> _Task prompt_: Once the line with "Definition orient (a" is found in the data, output it and each following line exactly, up to and including the line with "Definition is_diag (n", and nothing before or after.
** Available records follows **
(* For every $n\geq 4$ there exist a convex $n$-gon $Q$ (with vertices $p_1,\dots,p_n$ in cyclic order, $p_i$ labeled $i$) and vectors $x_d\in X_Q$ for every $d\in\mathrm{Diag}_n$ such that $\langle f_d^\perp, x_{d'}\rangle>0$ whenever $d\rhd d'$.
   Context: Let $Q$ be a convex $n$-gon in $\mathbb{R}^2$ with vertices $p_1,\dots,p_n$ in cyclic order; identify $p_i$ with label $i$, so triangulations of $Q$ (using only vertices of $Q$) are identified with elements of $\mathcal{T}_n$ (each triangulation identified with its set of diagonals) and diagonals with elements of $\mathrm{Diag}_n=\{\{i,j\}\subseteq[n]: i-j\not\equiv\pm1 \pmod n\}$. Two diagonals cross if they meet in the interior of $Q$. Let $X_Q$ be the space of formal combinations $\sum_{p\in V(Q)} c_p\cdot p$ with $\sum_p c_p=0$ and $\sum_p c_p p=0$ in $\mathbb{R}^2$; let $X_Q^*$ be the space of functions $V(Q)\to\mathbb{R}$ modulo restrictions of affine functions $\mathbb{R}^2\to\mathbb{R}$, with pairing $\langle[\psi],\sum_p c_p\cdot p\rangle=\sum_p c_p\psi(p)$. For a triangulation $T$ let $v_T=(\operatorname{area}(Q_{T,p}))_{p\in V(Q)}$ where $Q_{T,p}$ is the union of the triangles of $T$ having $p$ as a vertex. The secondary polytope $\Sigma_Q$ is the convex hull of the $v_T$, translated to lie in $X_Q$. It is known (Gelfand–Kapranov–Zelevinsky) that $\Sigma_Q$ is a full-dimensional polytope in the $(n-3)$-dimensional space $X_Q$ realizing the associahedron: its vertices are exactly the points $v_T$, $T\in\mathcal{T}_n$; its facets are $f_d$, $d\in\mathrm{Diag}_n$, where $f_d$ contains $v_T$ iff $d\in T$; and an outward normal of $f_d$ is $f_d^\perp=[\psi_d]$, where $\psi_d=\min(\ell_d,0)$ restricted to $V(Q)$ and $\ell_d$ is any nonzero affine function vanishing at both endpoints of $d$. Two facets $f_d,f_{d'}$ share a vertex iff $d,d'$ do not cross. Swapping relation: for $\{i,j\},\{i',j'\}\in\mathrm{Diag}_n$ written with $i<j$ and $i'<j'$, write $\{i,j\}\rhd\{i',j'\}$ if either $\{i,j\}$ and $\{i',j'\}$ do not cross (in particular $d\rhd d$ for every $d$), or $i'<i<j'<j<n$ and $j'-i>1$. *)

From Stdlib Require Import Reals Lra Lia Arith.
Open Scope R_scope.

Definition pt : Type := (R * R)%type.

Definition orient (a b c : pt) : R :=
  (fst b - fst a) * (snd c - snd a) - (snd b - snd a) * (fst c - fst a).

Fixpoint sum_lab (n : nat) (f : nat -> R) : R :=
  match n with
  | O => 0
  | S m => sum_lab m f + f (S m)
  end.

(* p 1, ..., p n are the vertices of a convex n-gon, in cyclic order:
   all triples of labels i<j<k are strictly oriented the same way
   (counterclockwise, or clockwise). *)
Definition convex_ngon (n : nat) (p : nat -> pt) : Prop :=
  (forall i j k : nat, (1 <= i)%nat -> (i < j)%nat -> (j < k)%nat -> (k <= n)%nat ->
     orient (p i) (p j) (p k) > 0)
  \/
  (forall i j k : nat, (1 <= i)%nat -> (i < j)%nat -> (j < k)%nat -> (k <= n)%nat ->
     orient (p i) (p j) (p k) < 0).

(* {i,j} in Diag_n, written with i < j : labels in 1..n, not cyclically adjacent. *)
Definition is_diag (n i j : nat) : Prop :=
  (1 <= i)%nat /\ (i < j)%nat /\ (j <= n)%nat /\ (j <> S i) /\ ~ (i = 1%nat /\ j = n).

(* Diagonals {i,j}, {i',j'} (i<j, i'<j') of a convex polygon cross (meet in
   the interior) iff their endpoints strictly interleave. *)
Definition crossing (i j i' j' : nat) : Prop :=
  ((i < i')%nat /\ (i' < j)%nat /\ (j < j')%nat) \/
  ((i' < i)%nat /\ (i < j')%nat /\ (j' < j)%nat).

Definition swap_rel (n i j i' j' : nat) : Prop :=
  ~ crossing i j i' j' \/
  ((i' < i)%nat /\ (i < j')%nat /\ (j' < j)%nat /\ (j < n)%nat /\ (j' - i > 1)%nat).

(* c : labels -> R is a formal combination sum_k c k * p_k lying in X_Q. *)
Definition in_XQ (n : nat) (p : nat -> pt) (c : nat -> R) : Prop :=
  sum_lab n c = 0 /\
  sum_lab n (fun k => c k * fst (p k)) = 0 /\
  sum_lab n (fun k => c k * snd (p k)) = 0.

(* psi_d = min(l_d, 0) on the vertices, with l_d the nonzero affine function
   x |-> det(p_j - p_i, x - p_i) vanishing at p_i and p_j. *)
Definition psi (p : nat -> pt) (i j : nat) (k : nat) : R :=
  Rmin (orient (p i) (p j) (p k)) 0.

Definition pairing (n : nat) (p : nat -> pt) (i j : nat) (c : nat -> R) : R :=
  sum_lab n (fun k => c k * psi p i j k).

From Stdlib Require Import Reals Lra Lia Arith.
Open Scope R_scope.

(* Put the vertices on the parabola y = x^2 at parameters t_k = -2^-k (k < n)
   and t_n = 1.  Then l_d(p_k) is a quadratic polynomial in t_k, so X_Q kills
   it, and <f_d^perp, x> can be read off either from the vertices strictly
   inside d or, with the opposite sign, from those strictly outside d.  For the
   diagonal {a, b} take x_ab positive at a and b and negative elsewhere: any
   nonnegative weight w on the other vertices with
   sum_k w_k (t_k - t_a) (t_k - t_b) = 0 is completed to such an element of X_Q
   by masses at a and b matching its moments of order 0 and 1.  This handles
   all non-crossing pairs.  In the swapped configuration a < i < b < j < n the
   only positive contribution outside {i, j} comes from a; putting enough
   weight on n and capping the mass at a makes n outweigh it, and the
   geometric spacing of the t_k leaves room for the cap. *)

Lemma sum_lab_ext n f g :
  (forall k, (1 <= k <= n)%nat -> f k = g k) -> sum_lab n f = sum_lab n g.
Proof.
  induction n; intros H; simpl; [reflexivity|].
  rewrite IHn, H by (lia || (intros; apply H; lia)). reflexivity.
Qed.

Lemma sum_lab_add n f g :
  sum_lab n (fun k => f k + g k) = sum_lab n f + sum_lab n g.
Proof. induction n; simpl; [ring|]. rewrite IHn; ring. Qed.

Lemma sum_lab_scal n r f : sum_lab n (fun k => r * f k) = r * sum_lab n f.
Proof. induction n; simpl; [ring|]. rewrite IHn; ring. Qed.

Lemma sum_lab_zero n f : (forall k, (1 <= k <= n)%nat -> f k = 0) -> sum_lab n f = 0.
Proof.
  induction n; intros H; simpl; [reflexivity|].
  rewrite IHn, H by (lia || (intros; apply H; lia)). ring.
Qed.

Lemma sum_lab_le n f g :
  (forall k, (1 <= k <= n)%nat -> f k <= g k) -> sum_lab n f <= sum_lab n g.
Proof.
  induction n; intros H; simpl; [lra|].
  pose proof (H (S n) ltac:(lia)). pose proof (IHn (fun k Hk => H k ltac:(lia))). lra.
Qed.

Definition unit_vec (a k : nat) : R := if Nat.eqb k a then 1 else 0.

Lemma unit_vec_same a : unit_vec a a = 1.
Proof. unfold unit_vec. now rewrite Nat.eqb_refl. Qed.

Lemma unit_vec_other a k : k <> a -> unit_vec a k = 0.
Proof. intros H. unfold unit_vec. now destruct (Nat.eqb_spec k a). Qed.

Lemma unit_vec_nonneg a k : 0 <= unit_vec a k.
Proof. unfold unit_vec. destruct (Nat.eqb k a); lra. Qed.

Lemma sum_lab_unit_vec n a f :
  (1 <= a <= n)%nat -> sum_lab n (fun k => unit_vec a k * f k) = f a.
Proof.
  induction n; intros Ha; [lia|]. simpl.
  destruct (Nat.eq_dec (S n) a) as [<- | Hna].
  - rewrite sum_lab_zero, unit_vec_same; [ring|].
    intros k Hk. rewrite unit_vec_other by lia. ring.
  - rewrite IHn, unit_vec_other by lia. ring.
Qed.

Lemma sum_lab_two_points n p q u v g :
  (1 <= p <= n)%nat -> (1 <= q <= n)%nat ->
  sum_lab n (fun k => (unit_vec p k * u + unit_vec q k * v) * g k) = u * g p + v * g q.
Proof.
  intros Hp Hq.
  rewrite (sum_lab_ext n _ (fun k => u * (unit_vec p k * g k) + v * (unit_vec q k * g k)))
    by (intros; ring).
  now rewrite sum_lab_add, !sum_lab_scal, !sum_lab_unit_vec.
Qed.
** End of Available records **
> _Completed exercise_:
Definition orient (a b c : pt) : R :=
  (fst b - fst a) * (snd c - snd a) - (snd b - snd a) * (fst c - fst a).

Fixpoint sum_lab (n : nat) (f : nat -> R) : R :=
  match n with
  | O => 0
  | S m => sum_lab m f + f (S m)
  end.

(* p 1, ..., p n are the vertices of a convex n-gon, in cyclic order:
   all triples of labels i<j<k are strictly oriented the same way
   (counterclockwise, or clockwise). *)
Definition convex_ngon (n : nat) (p : nat -> pt) : Prop :=
  (forall i j k : nat, (1 <= i)%nat -> (i < j)%nat -> (j < k)%nat -> (k <= n)%nat ->
     orient (p i) (p j) (p k) > 0)
  \/
  (forall i j k : nat, (1 <= i)%nat -> (i < j)%nat -> (j < k)%nat -> (k <= n)%nat ->
     orient (p i) (p j) (p k) < 0).

(* {i,j} in Diag_n, written with i < j : labels in 1..n, not cyclically adjacent. *)
Definition is_diag (n i j : nat) : Prop :=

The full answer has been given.